◆ Task statement ◆
Copy every line that contains the string "mpair" from the entries below.

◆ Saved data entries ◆
┄┄┄┄┄┄┄┄┄┄┄┄┄┄┄┄┄┄┄┄

Lemma same_cycle_trans {x y z} : same_cycle f x y -> same_cycle f y z -> same_cycle f x z.
Proof.
move=> [a [fa|fa]] [b [fb|fb]].
- by exists (b + a); left; rewrite iterD fa.
- case: (leqP a b) => ab.
    by exists (b - a); right; apply: (inj_iter a f_inj); rewrite -iterD subnKC // fa fb.
  by exists (a - b); left; apply: (inj_iter b f_inj); rewrite -iterD subnKC ?(ltnW ab) // fa fb.
- case: (leqP a b) => ab.
    by exists (b - a); left; rewrite -fa -iterD subnK.
  by exists (a - b); right; rewrite -fb -iterD subnK ?(ltnW ab).
- by exists (a + b); right; rewrite iterD fb.
Qed.

Lemma same_cycle_trans_sym {x y z} : same_cycle f x y -> same_cycle f x z -> same_cycle f y z.
Proof. by move/same_cycle_sym; apply: same_cycle_trans. Qed.

Lemma same_cycle_fixed {x y} j : same_cycle f x y -> iter j f x = x <-> iter j f y = y.
Proof.
move=> [k [fk|fk]]; subst; rewrite iterC.
  by split=> [->//|/(inj_iter k f_inj)].
by split=> [/(inj_iter k f_inj)|->].
Qed.

Lemma same_cycle_cycle_len {x y l} : same_cycle f x y -> cycle_len f x l -> cycle_len f y l.
Proof.
move=> xy; case: l => [n|] /=.
  move=> [n_gt0 [fn minn]]; do 2!split=> //; first by rewrite -(same_cycle_fixed _ xy).
  by move=> k k_gt0 kn; rewrite -(same_cycle_fixed _ xy); apply: minn.
by move=> inf k k_gt0; rewrite -(same_cycle_fixed _ xy); apply: inf.
Qed.

Lemma same_cycle_finP {x y n} : cycle_len f x (Some n) -> same_cycle f x y ->
  exists2 j, j < n & iter j f x = y.
Proof.
move=> [n_gt0 [fn _]] [k [fk|fk]].
  by exists (k %% n); rewrite ?ltn_pmod // -(iter_modn _ fn).
subst x; exists ((n - k %% n) %% n); first by rewrite ltn_pmod.
have fny : iter n f y = y by apply/(same_cycle_fixed n (same_cycle_iter f y k)).
rewrite -(iter_modn _ fn) -iterD (iter_modn _ fny) -modnDmr subnK ?modnn //.
by rewrite ltnW // ltn_pmod.
Qed.

Lemma cycle_len_not_forward {x y} : same_cycle f x y -> ~ (exists k, iter k f x = y) ->
  cycle_len f x None.
Proof.
move=> xy not_fwd; have [[n|] cx] := cycle_len_exists f x => //.
by have [j _ fj] := same_cycle_finP cx xy; case: not_fwd; exists j.
Qed.

End SameCycle.

Definition pbool (P : Prop) : bool := if excluded_middle_informative P then true else false.

Lemma pboolP (P : Prop) : reflect P (pbool P).
Proof. by rewrite /pbool; case: excluded_middle_informative => H; constructor. Qed.

Lemma pboolT {P : Prop} : P -> pbool P.
Proof. by move/pboolP. Qed.

Lemma eq_pbool (P Q : Prop) : (P <-> Q) -> pbool P = pbool Q.
Proof. by move=> PQ; apply/pboolP/pboolP; rewrite PQ. Qed.

Definition cycles_ge (t : nat -> nat) (l : option nat) (k : nat) : Prop :=
  exists s : seq nat, [/\ size s = k, uniq s, forall x, x \in s -> cycle_len t x l &
    forall x y, x \in s -> y \in s -> same_cycle t x y -> x = y].

Lemma cycles_ge0 t l : cycles_ge t l 0.
Proof. by exists [::]. Qed.

Lemma cycles_geW t l k j : j <= k -> cycles_ge t l k -> cycles_ge t l j.
Proof.
move=> jk [s [sz s_uniq s_len s_sep]]; exists (take j s); split.
- by rewrite size_takel // sz.
- by rewrite take_uniq.
- by move=> x /mem_take; apply: s_len.
- by move=> x y /mem_take xs /mem_take ys; apply: s_sep.
Qed.
Lemma mrot_mcomp :
  mB_c z^* x (mA_h z y^* U) <o> mA_h y z^* (mB_c x^* z W) = mdual z (mpair x y z U W).
Proof.
rewrite mrot_mcompE /mdual /mpair.
rewrite mtens_idl_mcomp; last by obj_eq.
rewrite mtens_idr_mcomp; last by obj_eq.
rewrite mtens_idl_mcomp; last by obj_eq.
rewrite mtens_idr_mcomp; last by obj_eq.
have -> : pV z^* <x> pd x <x> mid (tens (V z) (V z^*)) = pV z^* <x> (pd x <x> pV z) <x> pV z^*.
  by rewrite -mtens_id !mtensA.
have -> : mid (tens (V z^*) (V z)) <x> (pb y^* <x> pV z^*) =
          pV z^* <x> (pV z <x> pb y^*) <x> pV z^*.
  by rewrite -mtens_id !mtensA.
have <- : (pV z^* <x> U <x> mid (V x^*) <x> mid (tens (V z) (V z^*))) <o>
   (mid (tens (V z^*) (V z)) <x> (mid (V y^*) <x> (W <x> pV z^*))) =
   pV z^* <x> (U <x> W) <x> pV z^*.
  rewrite !mtensA mtens_id -[mid (tens (V z^*) (V z))]mtens_id mtensA.
  rewrite -[mid (V z) <x> (mid (V y^*) <x> _)]mtensA mtens_id -mtens_mcomp; try by obj_eq.
  by rewrite mcomp_idid (@mtens_sep_l U (W <x> pV z^*)) //; obj_eq.
by rewrite /pV !mcompA.
Qed.

End Rotations.

Lemma scalE i (f : Defs.Hom D (V i) (V i)) : f = scal HP f *: idm (V i).
Proof. by apply/eqP; rewrite /scal; exact: (xchooseP (simple_exb HP f)). Qed.

Lemma scal_uniq i (f : Defs.Hom D (V i) (V i)) c : f = c *: idm (V i) -> scal HP f = c.
Proof.
move=> hf; have := scalE f; rewrite {1}hf => /eqP; rewrite -subr_eq0 -scalerBl scaler_eq0.
by rewrite (negPf (psi_simple_neq0 HP i)) orbF subr_eq0 => /eqP ->.
Qed.

Lemma pack_end i (f : Defs.Hom D (V i) (V i)) : pack f = mscale (scal HP f) (pV i).
Proof. by rewrite {1}(scalE f). Qed.
Lemma app_eq_length_l {A} (a b c d : list A) : length a = length b -> a ++ c = b ++ d -> a = b.
Proof.
  revert b; induction a as [|x a IH]; intros [|y b] Hl He; simpl in *; try congruence.
  injection He as -> He. f_equal; auto.
Qed.

Section Cells.
Variable X : Type.
Implicit Types (c : X -> word) (k : X -> Cantor) (T : list X).

Definition upd c x w : X -> word :=
  fun z => if excluded_middle_informative (z = x) then w else c z.

Lemma upd_eq c x w : upd c x w x = w.
Proof. unfold upd; destruct (excluded_middle_informative (x = x)); congruence. Qed.

Lemma upd_neq c x w z : z <> x -> upd c x w z = c z.
Proof. unfold upd; destruct (excluded_middle_informative (z = x)); congruence. Qed.

Fixpoint words n : list word :=
  match n with
  | 0 => [[]]
  | S n => flat_map (fun w => [false :: w; true :: w]) (words n)
  end.

Lemma in_words n w : In w (words n) <-> length w = n.
Proof.
  revert w; induction n; simpl; intro w.
  - split; [intros [<-|[]]; auto|destruct w; simpl; [auto|discriminate]].
  - rewrite in_flat_map. split.
    + intros [v [Hv [<-|[<-|[]]]]]; simpl; f_equal; apply IHn; auto.
    + destruct w as [|bt v]; simpl; [discriminate|]. intro Hl. exists v; split; [apply IHn; auto|].
      destruct bt; simpl; auto.
Qed.

Definition is_cell T D c :=
  (forall x, In x T -> length (c x) = D) /\ (forall x, ~ In x T -> c x = []).

Fixpoint cells T D : list (X -> word) :=
  match T with
  | [] => [fun _ => []]
  | x :: T => flat_map (fun c => map (fun w => upd c x w) (words D)) (cells T D)
  end.

Lemma in_cells_is_cell T D c : In c (cells T D) -> is_cell T D c.
Proof.
  revert c; induction T as [|x T IH]; simpl; intros c Hc.
  - destruct Hc as [<-|[]]; split; [intros ? []|auto].
  - apply in_flat_map in Hc; destruct Hc as [c0 [H0 Hc]]. apply in_map_iff in Hc.
    destruct Hc as [w [<- Hw]]. apply in_words in Hw. destruct (IH _ H0) as [A1 A2].
    split.
    + intros z Hz. destruct (classic (z = x)) as [->|n]; [rewrite upd_eq; auto|].
      rewrite upd_neq by auto. apply A1. destruct Hz; [congruence|auto].
    + intros z Hz. rewrite upd_neq by (intro; apply Hz; left; auto).
      apply A2; intro; apply Hz; right; auto.
Qed.

Lemma is_cell_in_cells T D c : NoDup T -> is_cell T D c -> In c (cells T D).
Proof.
  revert c; induction T as [|x T IH]; simpl; intros c HN [A1 A2].
  - left; apply functional_extensionality; intro z; symmetry; apply A2; auto.
  - inversion HN; subst. apply in_flat_map.
    exists (upd c x []). split.
    + apply IH; auto. split.
      * intros z Hz. rewrite upd_neq by (intro; subst; contradiction). apply A1; right; auto.
      * intros z Hz. destruct (classic (z = x)) as [->|n]; [apply upd_eq|].
        rewrite upd_neq by auto. apply A2. intros [|]; auto.
    + apply in_map_iff. exists (c x); split; [|apply in_words, A1; left; auto].
      apply functional_extensionality; intro z. unfold upd.
      destruct (excluded_middle_informative (z = x)); subst; auto.
Qed.

Definition concat_cell T c : word := flat_map c T.

Lemma concat_cell_ext T c1 c2 : (forall x, In x T -> c1 x = c2 x) ->
  concat_cell T c1 = concat_cell T c2.
Proof.
  unfold concat_cell; induction T; simpl; intro H; auto.
  rewrite H by auto. f_equal; apply IHT; auto.
Qed.

Lemma concat_cell_upd T c x w : ~ In x T -> concat_cell T (upd c x w) = concat_cell T c.
Proof.
  intro H; apply concat_cell_ext; intros z Hz; apply upd_neq; intros ->; contradiction.
Qed.

Lemma length_concat_cell T D c : (forall x, In x T -> length (c x) = D) ->
  length (concat_cell T c) = length T * D.
Proof.
  induction T; simpl; intro H; auto.
  unfold concat_cell in *; simpl. rewrite length_app, H, IHT; auto.
Qed.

┄┄┄┄┄┄┄┄┄┄┄┄┄┄┄┄┄┄┄┄

◆ Written reply ◆
  mB_c z^* x (mA_h z y^* U) <o> mA_h y z^* (mB_c x^* z W) = mdual z (mpair x y z U W).
rewrite mrot_mcompE /mdual /mpair.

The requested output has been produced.